**REQUIREMENT**
In the entries below, find the line with "apply: (@even_card_involution _" and the line with "Lemma card_cross_ends e"; give again those lines and every line between them, exactly.

[Items from a dataset]
================

Lemma even_moved_plain_ends :
  ~~ odd #|[set vp | [&& moved vp.1, posbind F c p1 k (end_bind vp) & ~~ cross (end_bind vp)]]|.
Proof.
apply: (@even_card_involution _ _ other_end) => vp; rewrite inE => /and3P[mv pos ncross].
- have same_bind : end_bind (other_end vp) = end_bind vp by rewrite /end_bind other_endP.
  rewrite inE same_bind pos ncross !andbT; apply: (@bfac_in_S_moved _ (other_end vp).2 (i3 0)).
  rewrite -/(end_bind _) same_bind; apply: bfac_in_S => //; move: pos ncross.
  by rewrite /posbind /cross /inFij; case/andP => -> ->; rewrite andbT /= => ->.
- have vpK : vend F (other_end (other_end vp)).1 (other_end (other_end vp)).2 = vend F vp.1 vp.2.
    by rewrite !other_endP /end_bind /is_head other_endP /= negbK -surjective_pairing.
  by have := vend_inj vpK; rewrite -!surjective_pairing.
- apply/eqP => fixed; have := other_endP vp; rewrite fixed /end_bind /is_head.
  by case: (vend F vp.1 vp.2) => ? [].
Qed.

Lemma card_cross_ends e :
  #|[set vp | [&& moved vp.1, cross (end_bind vp) & is_head vp == e]]| =
  #|[set b | cross b && end_moved (b, e)]|.
Proof.
have -> : [set b | cross b && end_moved (b, e)] =
    end_bind @: [set vp | [&& moved vp.1, cross (end_bind vp) & is_head vp == e]].
  apply/setP => b; rewrite inE; apply/andP/imsetP => [[cross_b /existsP[vp /andP[/eqP vp_b mv]]] | [vp]].
    by exists vp; rewrite /end_bind ?vp_b // inE /end_bind /is_head mv vp_b cross_b /=.
  rewrite inE => /and3P[mv cross_b /eqP dir] ->; split => //; apply/existsP; exists vp.
  by rewrite /end_bind -dir -surjective_pairing eqxx.
apply/esym/card_in_imset => -[v p] [v' p']; rewrite !inE /end_bind /is_head /=.
move=> /and3P[_ _ /eqP dir] /and3P[_ _ /eqP dir'] same.
by apply: vend_inj; rewrite [LHS]surjective_pairing [RHS]surjective_pairing same dir dir'.
Qed.

Lemma odd_cross_head_tail : odd #|[set b | cross_head b]| = odd #|[set b | cross_tail b]|.
Proof.
pose A := [set vp | moved vp.1 && posbind F c p1 k (end_bind vp)].
pose E := [set vp | moved vp.1 && cross (end_bind vp)].
have := cardsID E A; have -> : A :&: E = E.
  apply/setP => vp; rewrite !inE; case: (moved _) => //=.
  by case/boolP: (cross _) => [/(@cross_posbind false) -> | _]; rewrite ?andbF.
have -> : A :\: E = [set vp | [&& moved vp.1, posbind F c p1 k (end_bind vp) & ~~ cross (end_bind vp)]].
  by apply/setP => vp; rewrite !inE; case: (moved _); rewrite //= andbC.
have := cardsID [set vp | is_head vp] E.
have -> : E :&: [set vp | is_head vp] = [set vp | [&& moved vp.1, cross (end_bind vp) & is_head vp == true]].
  by apply/setP => vp; rewrite !inE eqb_id andbA.
have -> : E :\: [set vp | is_head vp] = [set vp | [&& moved vp.1, cross (end_bind vp) & is_head vp == false]].
  by apply/setP => vp; rewrite !inE eqbF_neg [RHS]andbA andbC.
rewrite !card_cross_ends => <- /(congr1 odd).
rewrite !oddD (negbTE even_moved_plain_ends) (negbTE even_moved_ends) addbF /cross_head /cross_tail.
by case: (odd _); case: (odd _).
Qed.
(* For every integer $n\ge1$, $$D(n):=\sum_{\substack{1\le d\le n\\ d\equiv n \bmod 2}} d\binom{n}{\frac{n-d}2}^2=\begin{cases} n\binom{n-1}{\frac{n-1}2}^2 & n\text{ odd},\\[4pt] n\binom{n-1}{\frac n2}^2 & n\text{ even}.\end{cases}$$ *)

From mathcomp Require Import all_boot.
(* D(n) = sum_{1<=d<=n, d = n mod 2} d * C(n, (n-d)/2)^2, in nat.
   Since d and n have the same parity and d <= n, (n-d)./2 is exact. *)
Definition D (n : nat) : nat :=
  \sum_(1 <= d < n.+1 | odd d == odd n) d * 'C(n, (n - d)./2) ^ 2.

From mathcomp Require Import all_boot.
From mathcomp Require Import zify.

(* Substituting d = n - 2k (and adding the vanishing term d = 0 when n is even)
   turns D(n) into the sum of (n - 2k) C(n,k)^2 over 0 <= k <= n/2.  Since
   n C(n-1,k) = (n-k) C(n,k) and n C(n-1,k-1) = k C(n,k), each summand equals
   n C(n-1,k)^2 - n C(n-1,k-1)^2, so the sum telescopes to n C(n-1,n/2)^2;
   for odd n, n/2 = (n-1)/2. *)

Lemma sqrnB_diff n j : j.*2 <= n -> (n - j) ^ 2 = j ^ 2 + n * (n - j.*2).
Proof. by move=> le_2j_n; nia. Qed.

Lemma bin_pred_sq_recr n k : 0 < n -> k.+1.*2 <= n ->
  n * 'C(n.-1, k.+1) ^ 2 = n * 'C(n.-1, k) ^ 2 + (n - k.+1.*2) * 'C(n, k.+1) ^ 2.
Proof.
move=> n_gt0 le_2k_n; apply/eqP; rewrite -(eqn_pmul2l n_gt0); apply/eqP.
have mulnn_sq m : n * (n * 'C(n.-1, m) ^ 2) = (n * 'C(n.-1, m)) ^ 2.
  by rewrite expnMn mulnA mulnn.
rewrite mulnDr !mulnn_sq mul_bin_down mul_bin_diag !expnMn.
by rewrite sqrnB_diff // mulnDl mulnA.
Qed.

Lemma sum_subn_double_bin_sq n m : 0 < n -> m.*2 <= n ->
  \sum_(k < m.+1) (n - k.*2) * 'C(n, k) ^ 2 = n * 'C(n.-1, m) ^ 2.
Proof.
move=> n_gt0; elim: m => [|m IHm] le_2m_n; first by rewrite big_ord1 !bin0 subn0.
by rewrite big_ord_recr /= IHm ?bin_pred_sq_recr //; lia.
Qed.

Lemma big_nat_even (R : Type) (idx : R) (op : Monoid.law idx) N (F : nat -> R) :
  \big[op/idx]_(0 <= j < N | ~~ odd j) F j = \big[op/idx]_(k < uphalf N) F k.*2.
Proof.
elim: N => [|N IHN]; first by rewrite big_geq // big_ord0.
rewrite big_mkcond big_nat_recr //= -big_mkcond IHN uphalf_half.
case: (boolP (odd N)) => [_ | even_N] /=; first by rewrite Monoid.mulm1.
by rewrite add0n big_ord_recr /= even_halfK.
Qed.

Lemma D_sum_subn_double n : D n = \sum_(k < n./2.+1) (n - k.*2) * 'C(n, k) ^ 2.
Proof.
transitivity (\sum_(0 <= j < n.+1 | ~~ odd j) (n - j) * 'C(n, j./2) ^ 2); last first.
  by rewrite big_nat_even; apply: eq_bigr => k _; rewrite doubleK.
have add_zero_term (P : pred nat) (F : nat -> nat) : F 0 = 0 ->
    \sum_(1 <= d < n.+1 | P d) F d = \sum_(0 <= d < n.+1 | P d) F d.
  by move=> F0; rewrite [RHS]big_ltn_cond // F0; case: ifP.
rewrite /D add_zero_term ?mul0n // big_nat_rev /=.
apply: congr_big_nat => // j /andP[_ lt_j_n1] /=.
  by rewrite subSS oddB //; case: (odd n); case: (odd j).
by rewrite subSS subKn.
Qed.

Theorem mainTheorem9 (n : nat) : 1 <= n ->
  D n = (if odd n then n * 'C(n.-1, (n.-1)./2) ^ 2 else n * 'C(n.-1, n./2) ^ 2).
Proof.
move=> n_gt0; rewrite D_sum_subn_double sum_subn_double_bin_sq //; last first.
  by rewrite -[leqRHS]odd_double_half leq_addl.
case: ifP => // odd_n.
suff -> : n.-1./2 = n./2 by [].
by rewrite -{1}[n]odd_double_half odd_n add1n /= doubleK.
Qed.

================

**EXERCISE ANSWER**
apply: (@even_card_involution _ _ other_end) => vp; rewrite inE => /and3P[mv pos ncross].
- have same_bind : end_bind (other_end vp) = end_bind vp by rewrite /end_bind other_endP.
  rewrite inE same_bind pos ncross !andbT; apply: (@bfac_in_S_moved _ (other_end vp).2 (i3 0)).
  rewrite -/(end_bind _) same_bind; apply: bfac_in_S => //; move: pos ncross.
  by rewrite /posbind /cross /inFij; case/andP => -> ->; rewrite andbT /= => ->.
- have vpK : vend F (other_end (other_end vp)).1 (other_end (other_end vp)).2 = vend F vp.1 vp.2.
    by rewrite !other_endP /end_bind /is_head other_endP /= negbK -surjective_pairing.
  by have := vend_inj vpK; rewrite -!surjective_pairing.
- apply/eqP => fixed; have := other_endP vp; rewrite fixed /end_bind /is_head.
  by case: (vend F vp.1 vp.2) => ? [].
Qed.

Lemma card_cross_ends e :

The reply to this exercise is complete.